Interestingly, money market funds – heightened inflows are a canary in the coalmine sign. But money markets have been relatively stable, so take that as a good sign – the market is not in crisis mode.
Finally, in yet another irony, shoot-yourself-in-the-foot example, new factory builds in the US over the last 3 years have exploded. But we are now hearing news that plans for further builds are now on hold. That is what happens when you introduce distortionary policies (differential tariff rates). And all recessions are started by a sharp decline in investment rather than with the consumer.
LOCAL MARKET
The S&P/ASX 200 Index recorded its best day in five years as it surged 4.5 per cent on Thursday, leaving the local benchmark just $70 billion shy of its value the day before US President Donald Trump launched his global trade war. The S&P/ASX 200 Index rallied 4.54% to close at 7,710 on Thursday. Commodity-linked stocks led the rebound in Australian markets. BHP Group rose 5.7%, Fortescue Metals climbed 6.2%, Woodside Energy advanced 4.7%, Pilbara Minerals jumped 12.3%, and Mineral Resources gained 17.8%. Financials, consumer, and technology sectors also posted strong gains, with Macquarie Group up 6.1%, Aristocrat Leisure rising 5.7%, and Xero adding 6.5%.
While Thursday’s rally provided investors with some reprieve after days of relentless selling, strategists are swift to point out that the last time Wall Street experienced rebounds of this magnitude was during the 2008 global financial crisis, the COVID-19 pandemic in 2020 and the 1987 crash. When markets rise 10% in a day it is not a sign the markets are healthy.
What we got yesterday in the US, and which the Australian market blindly followed, was predominantly short covering (a lot of heavily shorted stocks rallied significantly) and algorithmic trading, all feeding into the unprecedented jump. That is traders that were positioned for incremental downside leading to a recession. Reputedly there was very little buying from long-only institutional buyers. With the dust having settled in the US, the markets overnight were reflecting the sober realisation that tariffs are still in place and perhaps the realisation that tariffs on China imports are actually 145%, not 125%, have added to that sobriety.
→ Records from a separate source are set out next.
(* Let $G$ be the 2-blowup of $F_3$. Then $\chi(G)=7$.
   Context: $F_3$ is the graph on $\{v_1,\dots,v_6,x,y,z\}$ where $v_1\cdots v_6v_1$ is an induced 6-cycle, $x$ is adjacent to $v_1,v_2,v_3$, $y$ to $v_3,v_4,v_5$, $z$ to $v_5,v_6,v_1$, $\{x,y,z\}$ is a triangle, and there are no other edges. The 2-blowup of $H$ is obtained by replacing each vertex $v$ of $H$ by a clique $Q_v$ of size 2, with $Q_u$ complete to $Q_v$ if $uv\in E(H)$ and no edges between $Q_u,Q_v$ otherwise. *)

From mathcomp Require Import all_boot.
Set Implicit Arguments. Unset Strict Implicit. Unset Printing Implicit Defensive.

(* Simple graphs are symmetric irreflexive boolean relations on a finType. *)

Definition proper_coloring (T : finType) (e : rel T) (k : nat) (f : T -> 'I_k) : bool :=
  [forall u, forall v, e u v ==> (f u != f v)].

Definition colorable (T : finType) (e : rel T) (k : nat) : bool :=
  [exists f : {ffun T -> 'I_k}, proper_coloring e f].

(* Chromatic number: the least k (in 0..#|T|) such that e is k-colourable.
   For a loopless graph, k = #|T| always works, so this is the true minimum. *)
Definition chromatic_number (T : finType) (e : rel T) : nat :=
  find (colorable e) (iota 0 #|T|.+1).

(* The graph F_3 on 'I_9: v1..v6 = 0..5, x = 6, y = 7, z = 8. *)
Definition F3_edges : seq (nat * nat) :=
  [:: (0,1); (1,2); (2,3); (3,4); (4,5); (5,0);
      (6,0); (6,1); (6,2);
      (7,2); (7,3); (7,4);
      (8,4); (8,5); (8,0);
      (6,7); (7,8); (6,8)].

Definition F3 : rel 'I_9 := fun u v =>
  ((nat_of_ord u, nat_of_ord v) \in F3_edges) ||
  ((nat_of_ord v, nat_of_ord u) \in F3_edges).

(* 2-blowup: each vertex v replaced by the clique Q_v = {(v,0),(v,1)};
   Q_u complete to Q_v iff uv is an edge, no edges otherwise. *)
Definition blowup2 (T : finType) (e : rel T) : rel (T * 'I_2) := fun p q =>
  ((p.1 == q.1) && (p.2 != q.2)) || e p.1 q.1.

From mathcomp Require Import all_boot zmodp zify.
Set Implicit Arguments. Unset Strict Implicit. Unset Printing Implicit Defensive.

(* Weight the vertices of F_3 by 4 on v1, v3, v5, by 3 on v2, v4, v6 and by 6
   on x, y, z.  Every stable set of F_3 weighs at most 12.  A colour class of
   the 2-blowup meets each clique Q_v at most once and projects onto a stable
   set of F_3, so it also weighs at most 12 (weighting (v, i) like v); as the
   blowup weighs 2 * 39 = 78 > 6 * 12, six colours do not suffice.  An
   explicit 7-colouring gives the upper bound. *)

Definition stable (T : finType) (e : rel T) (A : {set T}) : Prop :=
  {in A &, forall x y, ~~ e x y}.

Section Colorings.

Variables (T : finType) (e : rel T).

Lemma chromatic_numberE n :
  n <= #|T| -> colorable e n -> (forall k, k < n -> ~~ colorable e k) ->
  chromatic_number e = n.
Proof.
move=> le_nT col_n ncol.
rewrite /chromatic_number -(subnKC (leqW le_nT)) iotaD find_cat size_iota.
have -> : has (colorable e) (iota 0 n) = false.
  by apply/hasPn => k; rewrite mem_iota => /andP[_]; apply: ncol.
by rewrite subSn //= col_n addn0.
Qed.

Lemma proper_coloring_colorable k (f : T -> 'I_k) :
  proper_coloring e f -> colorable e k.
Proof.
move=> /forallP f_proper; apply/existsP; exists [ffun x => f x].
by apply/forallP => x; apply/forallP => y; rewrite !ffunE; apply/forallP: y.
Qed.

Lemma proper_coloring_seq k (f : T -> 'I_k) (s : seq T) :
  (forall x, x \in s) -> all (fun x => all (fun y => e x y ==> (f x != f y)) s) s ->
  proper_coloring e f.
Proof.
move=> s_full /allP ok; apply/forallP => x; apply/forallP => y.
exact: allP (ok x (s_full x)) y (s_full y).
Qed.

Variables (w : T -> nat) (m : nat).
Hypothesis stable_weight : forall A : {set T}, stable e A -> \sum_(x in A) w x <= m.

Lemma colorable_weight k : colorable e k -> \sum_x w x <= k * m.
Proof.
case/existsP => f /forallP f_proper.
rewrite (partition_big f xpredT) //= -[k in k * m]card_ord -sum_nat_const.
apply: leq_sum => c _.
have class_stable : stable e [set x | f x == c].
  move=> x y; rewrite !inE => /eqP fx /eqP fy.
  by have /forallP/(_ y) := f_proper x; rewrite fx fy eqxx implybF.
have := stable_weight class_stable.
by rewrite (eq_bigl (fun x => f x == c)) // => x; rewrite inE.
Qed.

End Colorings.

Section Blowup2.

Variables (T : finType) (e : rel T).

Lemma stable_blowup2_fst_inj (B : {set T * 'I_2}) :
  stable (blowup2 e) B -> {in B &, injective fst}.
Proof.
move=> stabB [a x] [b y] aB bB /= eq_ab; subst b.
have [->//|neq_xy] := eqVneq x y.
by have := stabB _ _ aB bB; rewrite /blowup2 /= eqxx neq_xy.
Qed.

Lemma stable_blowup2_fst (B : {set T * 'I_2}) :
  stable (blowup2 e) B -> stable e (fst @: B).
Proof.
move=> stabB _ _ /imsetP[p pB ->] /imsetP[q qB ->].
by have := stabB _ _ pB qB; rewrite /blowup2 negb_or => /andP[].
Qed.

Lemma blowup2_stable_weight (w : T -> nat) m :
  (forall A : {set T}, stable e A -> \sum_(x in A) w x <= m) ->
  forall B : {set T * 'I_2}, stable (blowup2 e) B -> \sum_(p in B) w p.1 <= m.
Proof.
move=> stable_weight B stabB.
rewrite -(big_imset w (stable_blowup2_fst_inj stabB)).
exact/stable_weight/stable_blowup2_fst.
Qed.

End Blowup2.

Definition F3_weight (i : nat) : nat := if i < 6 then (if odd i then 3 else 4) else 6.

Lemma F3_stable_weight (A : {set 'I_9}) : stable F3 A -> \sum_(i in A) F3_weight i <= 12.
Proof.
move=> stabA.
have edges_free : all (fun uv => ~~ ((inord uv.1 \in A) && (inord uv.2 \in A))) F3_edges.
  have edges_bounded : all (fun uv => (uv.1 < 9) && (uv.2 < 9)) F3_edges by [].
  apply/allP => -[u v] /= uv_edge; apply/negP => /andP[uA vA].
  have /andP[u9 v9] := allP edges_bounded _ uv_edge.
  by have := stabA _ _ uA vA; rewrite /F3 !inordK // uv_edge.
have -> : \sum_(i in A) F3_weight i = \sum_(0 <= k < 9) (inord k \in A) * F3_weight k.
  rewrite big_mkcond big_mkord; apply: eq_bigr => i _.
  by rewrite inord_val; case: (i \in A); rewrite ?mul1n.
rewrite /index_iota /= !big_cons big_nil.
move: edges_free => /=.
by do 9!case: (inord _ \in A).
Qed.

Lemma F3_blowup2_total_weight : \sum_(p : 'I_9 * 'I_2) F3_weight p.1 = 78.
Proof.
rewrite -(pair_big xpredT xpredT (fun (i : 'I_9) (_ : 'I_2) => F3_weight i)).
by rewrite !big_ord_recl !big_ord0.
Qed.

(* Row j lists the colours of the copies (v1, j), ..., (v6, j), (x, j), (y, j), (z, j). *)
Definition F3_blowup2_coloring (p : 'I_9 * 'I_2) : 'I_7 :=
  inZp (nth 0 (nth [::] [:: [:: 4; 1; 5; 0; 3; 0; 0; 1; 2];
                             [:: 6; 2; 6; 2; 6; 1; 3; 4; 5]] p.2) p.1).

Lemma F3_blowup2_coloring_proper : proper_coloring (blowup2 F3) F3_blowup2_coloring.
Proof.
pose vertices := [seq (inZp i, inZp j) : 'I_9 * 'I_2 | i <- iota 0 9, j <- iota 0 2].
apply: (@proper_coloring_seq _ _ _ _ vertices).
  move=> [i j]; apply/allpairsPdep; exists (nat_of_ord i), (nat_of_ord j).
  by rewrite !mem_iota !valZpK !ltn_ord.
by vm_compute.
Qed.

Theorem lemma5p5 : chromatic_number (blowup2 F3) = 7.
Proof.
apply: chromatic_numberE; first by rewrite card_prod !card_ord.
  exact: proper_coloring_colorable F3_blowup2_coloring_proper.
move=> k lt_k7; apply/negP.
move/(colorable_weight (blowup2_stable_weight F3_stable_weight)).
rewrite F3_blowup2_total_weight; lia.
Qed.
In what will have implications for the likes of Woodside, looks like oil’s recovery was short-lived. West Texas Intermediate crude futures plunged by as much as 5.8% to once again sit at a four-year low after posting the biggest one-day gain since October last session. The commodity appears to be taking cues from weakened broader markets and another significant escalation in the Trump administration’s actions against China, a major crude-importing economy. The triple threat of OPEC+’s anticipated output hikes, demand-sapping tariffs and recession fears puts $50-a-barrel Brent within reach.